Terwijl hij daar zo wandelt, groet hij sommige voorbijgangers, anderen ontloopt
hij op slinkse wijze omdat hij bang is om aangesproken te worden; daar heeft
hij nu totaal geen zin in. Hij kiest het voetpad dat langs het spoor naar de
rivier loopt. Daar ligt ook het wijkpark. Was dat eerst een standaard plantsoen
zoals je dat in elke stad tegenkomt, sinds het op de schop is gegaan en
ecologisch beheerd wordt, onderscheidt het zich van vele andere stadsparken. Er
is zelfs plaats ingeruimd voor een klein arboretum. Op een van de weinige
bankjes gaat hij zitten, zakt iets onderuit en legt zijn onderarmen op de
rugleuning. Vooraleerst zet hij zijn gedachten op een rijtje en volgt wat
trimmers en hondenuitlaters. Op het moment dat hij een gelezen, maar op het oog
nog gave krant uit de prullenbak naast de bank wil pakken, komt er een meisje
van een jaar of zeven naast hem zitten. De grote teddybeer die zij met zich
meedraagt, zet zij pontificaal tussen hen in.
‘Goedemorgen meneer.’
‘Goedemorgen meisje, dag beer.’
‘Hoe weet u dat hij Beer heet?’
Siem
haalt met een glimlach zijn schouders op. In de stilte die volgt, ‘tovert’ het
meisje een boekje tevoorschijn, slaat wat bladzijden om en begint voor te lezen
aan Beer. Het verhaal gaat over een konijnenfamilie, waarvan de vader op een
dag niet meer thuiskomt. Een jager heeft hem waarschijnlijk neergeschoten.
‘Wat een droef verhaal zeg. Waarom vertel je
dat aan Beer?’
‘Ik heb dit boekje van de teriepeut
gekregen.’
‘Teriepeut?’ vraagt Siem. ‘Bedoel je niet
therapeut?’
‘Ja, dat bedoel ik.’… Nieuwsgierig geworden, vraagt
Siem naar het boekje van de therapeut.
‘Mijn papa is heel erg ziek. Hij slaapt in
het ziekenhuis en wordt misschien wel nooit meer wakker.’
‘Gossie, wat erg…’ En even weet Siem niet
meer wat te zeggen. Dan: ‘Hoe heet jij eigenlijk meisje.’
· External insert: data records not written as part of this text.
(* In the setting of the context, suppose Assumption (A) holds with data $(g,n,m,d)$. Then there exist $a_1,a_2\in\mathbb R_+$ such that for all $z\in\mathsf Z$: (1) $|v^*(z)|\le\sum_{t=0}^{n-1}\beta^t\mathbb E_z[|r(Z_t)|+|c(Z_t)|]+a_1g(z)+a_2$; (2) $|\psi^*(z)|\le\sum_{t=1}^{n-1}\beta^t\mathbb E_z|r(Z_t)|+\sum_{t=0}^{n-1}\beta^t\mathbb E_z|c(Z_t)|+a_1g(z)+a_2$.
   Context: $P$ is a stochastic kernel on a measurable space $(\mathsf Z,\mathscr Z)$, $P^0(z,\cdot)=\delta_z$, $P^n(z,B)=\int P(z',B)P^{n-1}(z,dz')$; $(Z_t)$ is a time-homogeneous Markov process with kernel $P$ adapted to a filtration; $\mathbb E_zh(Z_t)=\int h\,dP^t(z,\cdot)$. $\beta\in(0,1)$; $r,c:\mathsf Z\to\mathbb R$ measurable. $v^*(z)=\sup_\tau\mathbb E_z\{\sum_{t=0}^{\tau-1}\beta^tc(Z_t)+\beta^\tau r(Z_\tau)\}$ over a.s. finite $\mathbb N_0$-valued stopping times, $\psi^*(z)=c(z)+\beta\int v^*(z')P(z,dz')$. Assumption (A): there exist measurable $g:\mathsf Z\to\mathbb R_+$, $n\in\mathbb N_0$, $m,d\ge0$ with $\beta m<1$ such that $\max\{\int|r|dP^n(z,\cdot),\int|c|dP^n(z,\cdot)\}\le g(z)$ and $\int g(z')P(z,dz')\le mg(z)+d$ for all $z$. *)

From HB Require Import structures.
From mathcomp Require Import all_boot all_order all_algebra.
From mathcomp Require Import all_classical all_reals all_analysis.
Set Implicit Arguments.
Unset Strict Implicit.
Unset Printing Implicit Defensive.
Import Order.TTheory GRing.Theory Num.Theory.
Local Open Scope classical_set_scope.
Local Open Scope ring_scope.
Local Open Scope ereal_scope.

Section Defs.
Context {dZ dO : measure_display} {Z : measurableType dZ}
  {Om : measurableType dO} {R : realType}.

Fixpoint kiter (P : R.-ker Z ~> Z) (n : nat) : Z -> set Z -> \bar R :=
  match n with
  | 0%N => fun z B => @dirac _ Z z R B
  | n'.+1 => fun z B => \int[kiter P n' z]_z' P z' B
  end.
Lemma rows_inj : injective rows.
Proof.
move=> R1 R2 /eq_in_map eqR; apply/setP=> [[x z]].
by rewrite -!mem_row eqR ?mem_enum_H.
Qed.

Lemma image_row w x : image w x = row (eval w) x.
Proof.
by case: w => [|g w]; apply: eq_filter=> z; rewrite -mem_image mem_filter mem_enum_H andbT.
Qed.

Lemma rows_eval w : rows (eval w) = map (image w) enum_H.
Proof. by apply: eq_map=> x; rewrite image_row. Qed.

Lemma eval_presentation_rel l r : List.In (l, r) presentation_rels -> eval l = eval r.
Proof.
have tables_eq : all (fun lr => map (image lr.1) enum_H == map (image lr.2) enum_H)
                     presentation_rels by vm_compute.
by move/InP/(allP tables_eq)/eqP; rewrite -!rows_eval; apply: rows_inj.
Qed.

Lemma pres_cong_eval w1 w2 : pres_cong w1 w2 -> eval w1 = eval w2.
Proof.
elim=> [l r u v /eval_presentation_rel lr | w | {}w1 {}w2 _ -> | {}w1 w w3 _ -> _ ->] //.
by rewrite !eval_cat lr.
Qed.

Lemma uniq_map_inj_in (A B : eqType) (f : A -> B) s :
  uniq (map f s) -> {in s &, injective f}.
Proof.
elim: s => //= a s IH /andP [fa_notin uniq_fs] x y.
rewrite !inE => /predU1P [->|xs] /predU1P [->|ys] // fxy.
- by rewrite fxy map_f in fa_notin.
- by rewrite -fxy map_f in fa_notin.
- exact: IH.
Qed.

Lemma uniq_rows_eval_normal_forms : uniq (map rows (map eval upl_normal_forms)).
Proof. by rewrite -map_comp (eq_map rows_eval); vm_compute. Qed.

Lemma eval_inj_normal_forms : {in upl_normal_forms &, injective eval}.
Proof.
move=> w1 w2 in1 in2 eq12; have := uniq_rows_eval_normal_forms; rewrite -map_comp.
move/uniq_map_inj_in/(_ w1 w2 in1 in2); apply.
by rewrite -[LHS]/(rows (eval w1)) eq12.
Qed.

Theorem mainTheorem1 :
  (exists s : seq hrel, uniq s /\ size s = 40 /\ (forall R : hrel, R \in s <-> inM R)) /\
  (forall w1 w2 : seq gen, eval w1 = eval w2 <-> pres_cong w1 w2).
Proof.
have eval_nf w : eval (nf w) = eval w by rewrite (pres_cong_eval (pres_cong_nf w)).
split.
  exists (map eval upl_normal_forms); split; first exact: map_uniq uniq_rows_eval_normal_forms.
  split; first by rewrite size_map; vm_compute.
  move=> R; split=> [/mapP [w _ ->]|[w <-]]; first by exists w.
  by rewrite -eval_nf map_f ?nf_normal_form.
move=> w1 w2; split=> [eq12|]; last exact: pres_cong_eval.
have nf12 : nf w1 = nf w2.
  by apply: eval_inj_normal_forms; rewrite ?nf_normal_form ?eval_nf.
by apply: pc_trans (pres_cong_nf w1) _; rewrite nf12; apply: pc_sym (pres_cong_nf w2).
Qed.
‘Astrid’ klinkt het resoluut. ‘Wil je
ook wat tegen Beer zeggen? Dat vindt hij vast fijn hoor.’
Wat
vervelend allemaal hè Beer? Gelukkig heeft Astrid jou nog als goede vriend. Jij
kan goed luisteren. Ik vind het maar een droeve dag Beer. Al toen ik opstond
was ik somber. Ik ben schrijver weet je en weet al wekenlang niet wat te
schrijven. Telkens sta ik vol goede moed op, pak de pen en probeer wat te
schrijven. Het lukt niet, of het is allemaal niet naar mijn zin. Maar dat van
jou en Astrid is natuurlijk veel erger. Dat verlies is definitief. Voor mij zal
er straks weer een nieuw verhaal zijn, maar voor Astrid is er geen nieuwe vader
meer…
Na zijn
monoloog, kijkt hij op naar Astrid. Zij glimlacht, buigt voorover naar Beer en
fluistert iets in zijn oor. Dan pakt zij Beer op en draait hem met zijn kop
naar Siem toe. Met een lief stemmetje bromt zij:
‘U bent een aardige meneer. Ik heb een heel
goed idee. Schrijf maar over Astrid en mij.’
‘Ja, mag dat?’ vraagt Siem ontroerd door het
liefdevolle aanbod. ‘Ja hoor,’ zegt Astrid.’ ‘Als je het mij maar wel voorleest
als het af is.’
Abrupt
wordt hun gesprek verstoord als een man van een jaar of dertig naar hen toe
komt lopen. ‘Astrid, kom je mee naar huis?’ ‘Papa, papa,’ roept Astrid en pakt
Beer op. Terwijl ze naar haar vader toeloopt kijkt ze nog een keer met een duivels
lachje achterom.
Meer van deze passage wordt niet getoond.